*** Opening STORED DATA ***

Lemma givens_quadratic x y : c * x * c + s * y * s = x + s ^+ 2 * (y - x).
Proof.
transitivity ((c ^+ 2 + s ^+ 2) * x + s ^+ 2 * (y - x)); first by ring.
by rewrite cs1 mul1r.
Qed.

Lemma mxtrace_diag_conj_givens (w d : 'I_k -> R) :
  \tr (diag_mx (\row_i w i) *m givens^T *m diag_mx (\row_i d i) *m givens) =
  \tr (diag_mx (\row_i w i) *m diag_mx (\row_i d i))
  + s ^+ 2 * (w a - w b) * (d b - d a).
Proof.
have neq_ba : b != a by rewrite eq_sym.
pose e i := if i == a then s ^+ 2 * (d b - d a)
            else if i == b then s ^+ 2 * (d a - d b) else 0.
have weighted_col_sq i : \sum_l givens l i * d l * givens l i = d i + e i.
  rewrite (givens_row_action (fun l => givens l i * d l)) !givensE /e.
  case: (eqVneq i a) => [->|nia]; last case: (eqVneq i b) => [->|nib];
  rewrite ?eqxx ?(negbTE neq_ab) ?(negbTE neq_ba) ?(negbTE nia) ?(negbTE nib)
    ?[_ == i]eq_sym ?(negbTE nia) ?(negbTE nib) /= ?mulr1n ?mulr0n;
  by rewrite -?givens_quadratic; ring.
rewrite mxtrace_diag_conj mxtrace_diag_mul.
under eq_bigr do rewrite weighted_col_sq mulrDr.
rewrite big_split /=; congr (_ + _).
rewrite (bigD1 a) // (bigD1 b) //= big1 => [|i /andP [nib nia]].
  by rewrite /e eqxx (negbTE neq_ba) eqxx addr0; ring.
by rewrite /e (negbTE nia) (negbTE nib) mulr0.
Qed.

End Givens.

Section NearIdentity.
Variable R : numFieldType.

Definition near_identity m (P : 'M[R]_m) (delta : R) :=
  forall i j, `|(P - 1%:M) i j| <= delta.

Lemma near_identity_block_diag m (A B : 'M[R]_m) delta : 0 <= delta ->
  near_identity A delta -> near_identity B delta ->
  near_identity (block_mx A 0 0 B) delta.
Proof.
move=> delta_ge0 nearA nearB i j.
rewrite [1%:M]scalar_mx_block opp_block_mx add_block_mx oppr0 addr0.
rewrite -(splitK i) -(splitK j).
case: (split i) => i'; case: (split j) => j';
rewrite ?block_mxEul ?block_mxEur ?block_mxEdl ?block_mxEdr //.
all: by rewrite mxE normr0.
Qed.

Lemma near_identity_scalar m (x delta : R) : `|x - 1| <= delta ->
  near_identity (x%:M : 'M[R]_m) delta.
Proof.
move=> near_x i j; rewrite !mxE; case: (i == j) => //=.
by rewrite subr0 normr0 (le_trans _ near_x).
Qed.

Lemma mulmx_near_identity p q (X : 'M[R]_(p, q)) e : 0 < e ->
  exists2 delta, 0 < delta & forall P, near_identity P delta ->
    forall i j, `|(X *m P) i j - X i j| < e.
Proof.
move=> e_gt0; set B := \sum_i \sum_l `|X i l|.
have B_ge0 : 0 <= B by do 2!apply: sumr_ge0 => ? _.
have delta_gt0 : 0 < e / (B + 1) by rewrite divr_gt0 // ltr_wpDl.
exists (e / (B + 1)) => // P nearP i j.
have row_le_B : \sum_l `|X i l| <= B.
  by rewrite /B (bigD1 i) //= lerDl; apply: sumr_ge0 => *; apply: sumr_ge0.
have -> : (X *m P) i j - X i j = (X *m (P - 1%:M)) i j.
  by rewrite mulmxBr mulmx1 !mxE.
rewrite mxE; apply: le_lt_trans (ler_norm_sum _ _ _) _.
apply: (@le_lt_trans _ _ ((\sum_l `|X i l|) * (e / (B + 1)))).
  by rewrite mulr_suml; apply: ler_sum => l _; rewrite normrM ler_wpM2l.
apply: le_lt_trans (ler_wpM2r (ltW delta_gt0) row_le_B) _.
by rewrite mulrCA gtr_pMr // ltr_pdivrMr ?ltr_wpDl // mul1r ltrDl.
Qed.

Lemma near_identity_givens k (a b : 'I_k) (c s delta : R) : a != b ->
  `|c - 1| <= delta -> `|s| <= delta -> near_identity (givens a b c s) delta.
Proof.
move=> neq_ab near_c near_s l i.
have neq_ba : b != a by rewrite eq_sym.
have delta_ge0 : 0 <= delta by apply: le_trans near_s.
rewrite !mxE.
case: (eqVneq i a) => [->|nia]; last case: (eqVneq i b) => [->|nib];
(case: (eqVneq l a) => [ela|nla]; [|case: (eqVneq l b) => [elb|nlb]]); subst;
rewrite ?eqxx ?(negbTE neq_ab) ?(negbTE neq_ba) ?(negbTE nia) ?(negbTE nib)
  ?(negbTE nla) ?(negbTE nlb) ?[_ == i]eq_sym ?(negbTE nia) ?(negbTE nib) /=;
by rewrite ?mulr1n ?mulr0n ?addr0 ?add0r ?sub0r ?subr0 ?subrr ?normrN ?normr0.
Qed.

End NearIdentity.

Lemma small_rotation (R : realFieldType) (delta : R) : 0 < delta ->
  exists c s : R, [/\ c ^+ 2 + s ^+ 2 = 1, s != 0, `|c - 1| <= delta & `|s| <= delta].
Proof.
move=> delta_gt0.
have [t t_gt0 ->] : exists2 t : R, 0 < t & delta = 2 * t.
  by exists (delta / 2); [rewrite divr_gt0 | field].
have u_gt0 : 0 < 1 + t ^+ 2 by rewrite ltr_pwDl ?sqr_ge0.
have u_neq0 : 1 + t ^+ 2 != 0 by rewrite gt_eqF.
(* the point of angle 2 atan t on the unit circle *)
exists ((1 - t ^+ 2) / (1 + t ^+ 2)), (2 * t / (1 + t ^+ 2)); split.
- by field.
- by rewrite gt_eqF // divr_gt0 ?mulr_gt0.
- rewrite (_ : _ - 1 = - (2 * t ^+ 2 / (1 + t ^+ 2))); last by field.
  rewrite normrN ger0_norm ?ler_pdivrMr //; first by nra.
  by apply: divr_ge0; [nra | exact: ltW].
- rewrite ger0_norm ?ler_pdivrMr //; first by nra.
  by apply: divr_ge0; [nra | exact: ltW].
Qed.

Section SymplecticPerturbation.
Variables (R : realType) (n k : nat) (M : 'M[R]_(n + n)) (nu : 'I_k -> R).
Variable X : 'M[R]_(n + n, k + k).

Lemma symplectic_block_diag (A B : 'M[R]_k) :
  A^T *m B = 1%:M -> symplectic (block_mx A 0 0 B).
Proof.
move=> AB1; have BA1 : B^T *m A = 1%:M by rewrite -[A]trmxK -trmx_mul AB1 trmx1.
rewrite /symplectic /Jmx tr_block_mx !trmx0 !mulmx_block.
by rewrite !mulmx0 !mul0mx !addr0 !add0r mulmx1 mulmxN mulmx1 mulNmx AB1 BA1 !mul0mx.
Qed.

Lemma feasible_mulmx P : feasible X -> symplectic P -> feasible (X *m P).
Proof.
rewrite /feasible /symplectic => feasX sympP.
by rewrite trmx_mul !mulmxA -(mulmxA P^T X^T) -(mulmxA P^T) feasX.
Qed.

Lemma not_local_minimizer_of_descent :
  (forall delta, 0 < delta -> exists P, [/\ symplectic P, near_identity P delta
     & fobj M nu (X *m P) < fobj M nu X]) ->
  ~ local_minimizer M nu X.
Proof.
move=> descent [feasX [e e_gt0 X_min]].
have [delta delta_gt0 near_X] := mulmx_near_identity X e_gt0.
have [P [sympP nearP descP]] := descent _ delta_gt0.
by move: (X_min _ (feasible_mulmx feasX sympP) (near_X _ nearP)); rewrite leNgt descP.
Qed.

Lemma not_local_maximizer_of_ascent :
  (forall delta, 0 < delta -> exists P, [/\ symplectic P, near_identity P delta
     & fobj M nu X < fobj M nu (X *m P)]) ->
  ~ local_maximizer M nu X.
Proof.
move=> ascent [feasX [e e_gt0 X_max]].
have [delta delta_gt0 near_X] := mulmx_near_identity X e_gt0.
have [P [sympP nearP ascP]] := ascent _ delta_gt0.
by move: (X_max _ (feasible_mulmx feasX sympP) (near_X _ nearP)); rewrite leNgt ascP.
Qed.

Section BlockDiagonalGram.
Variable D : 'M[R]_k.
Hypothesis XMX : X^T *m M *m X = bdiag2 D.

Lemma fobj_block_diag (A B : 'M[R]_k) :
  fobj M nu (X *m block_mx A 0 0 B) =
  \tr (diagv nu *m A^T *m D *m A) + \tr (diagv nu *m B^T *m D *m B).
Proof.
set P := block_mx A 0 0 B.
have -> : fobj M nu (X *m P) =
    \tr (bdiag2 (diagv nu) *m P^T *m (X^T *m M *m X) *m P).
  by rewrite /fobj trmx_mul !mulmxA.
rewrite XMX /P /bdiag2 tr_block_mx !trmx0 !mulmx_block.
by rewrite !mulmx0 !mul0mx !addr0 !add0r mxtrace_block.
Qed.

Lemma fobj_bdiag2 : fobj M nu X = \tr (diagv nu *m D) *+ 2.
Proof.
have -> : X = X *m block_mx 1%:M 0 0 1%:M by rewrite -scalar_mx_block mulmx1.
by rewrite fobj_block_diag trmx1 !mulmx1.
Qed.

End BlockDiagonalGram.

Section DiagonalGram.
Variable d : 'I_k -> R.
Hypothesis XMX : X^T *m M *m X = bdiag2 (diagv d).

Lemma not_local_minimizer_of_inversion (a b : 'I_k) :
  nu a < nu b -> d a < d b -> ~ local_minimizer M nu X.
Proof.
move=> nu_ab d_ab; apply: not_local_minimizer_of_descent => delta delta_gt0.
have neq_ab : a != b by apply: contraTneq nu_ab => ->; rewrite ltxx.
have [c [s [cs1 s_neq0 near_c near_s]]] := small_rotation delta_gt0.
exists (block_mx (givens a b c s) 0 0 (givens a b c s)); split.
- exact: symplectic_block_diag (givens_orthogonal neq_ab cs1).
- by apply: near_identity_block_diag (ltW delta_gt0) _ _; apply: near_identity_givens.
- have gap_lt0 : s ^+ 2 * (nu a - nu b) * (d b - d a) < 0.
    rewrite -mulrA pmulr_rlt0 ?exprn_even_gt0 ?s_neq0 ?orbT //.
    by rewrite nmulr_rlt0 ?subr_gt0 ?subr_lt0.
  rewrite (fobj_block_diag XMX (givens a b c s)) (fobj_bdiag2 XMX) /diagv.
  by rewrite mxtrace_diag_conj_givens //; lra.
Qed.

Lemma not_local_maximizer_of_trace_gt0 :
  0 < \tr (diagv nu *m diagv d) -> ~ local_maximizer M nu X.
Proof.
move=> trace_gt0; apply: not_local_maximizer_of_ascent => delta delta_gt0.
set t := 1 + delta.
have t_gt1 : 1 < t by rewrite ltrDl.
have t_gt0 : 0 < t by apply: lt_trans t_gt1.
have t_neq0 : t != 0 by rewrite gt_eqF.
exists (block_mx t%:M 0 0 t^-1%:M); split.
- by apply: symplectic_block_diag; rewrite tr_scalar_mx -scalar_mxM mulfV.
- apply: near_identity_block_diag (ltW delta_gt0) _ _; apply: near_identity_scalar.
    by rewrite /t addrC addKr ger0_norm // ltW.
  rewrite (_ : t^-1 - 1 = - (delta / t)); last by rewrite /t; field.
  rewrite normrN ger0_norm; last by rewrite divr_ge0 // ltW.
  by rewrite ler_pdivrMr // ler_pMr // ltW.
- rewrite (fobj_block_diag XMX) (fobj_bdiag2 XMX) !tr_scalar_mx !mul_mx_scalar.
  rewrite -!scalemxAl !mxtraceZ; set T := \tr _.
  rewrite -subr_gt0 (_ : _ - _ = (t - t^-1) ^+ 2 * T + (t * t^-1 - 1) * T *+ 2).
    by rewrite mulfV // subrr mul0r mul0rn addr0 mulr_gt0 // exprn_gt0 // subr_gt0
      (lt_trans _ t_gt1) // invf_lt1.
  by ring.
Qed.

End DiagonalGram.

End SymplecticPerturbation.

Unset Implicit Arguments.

*** Closing STORED DATA ***

EXERCISE PROMPT: Now copy each line of the entries that mentions "mulfV".

WRITTEN ANSWER:
- by apply: symplectic_block_diag; rewrite tr_scalar_mx -scalar_mxM mulfV.
    by rewrite mulfV // subrr mul0r mul0rn addr0 mulr_gt0 // exprn_gt0 // subr_gt0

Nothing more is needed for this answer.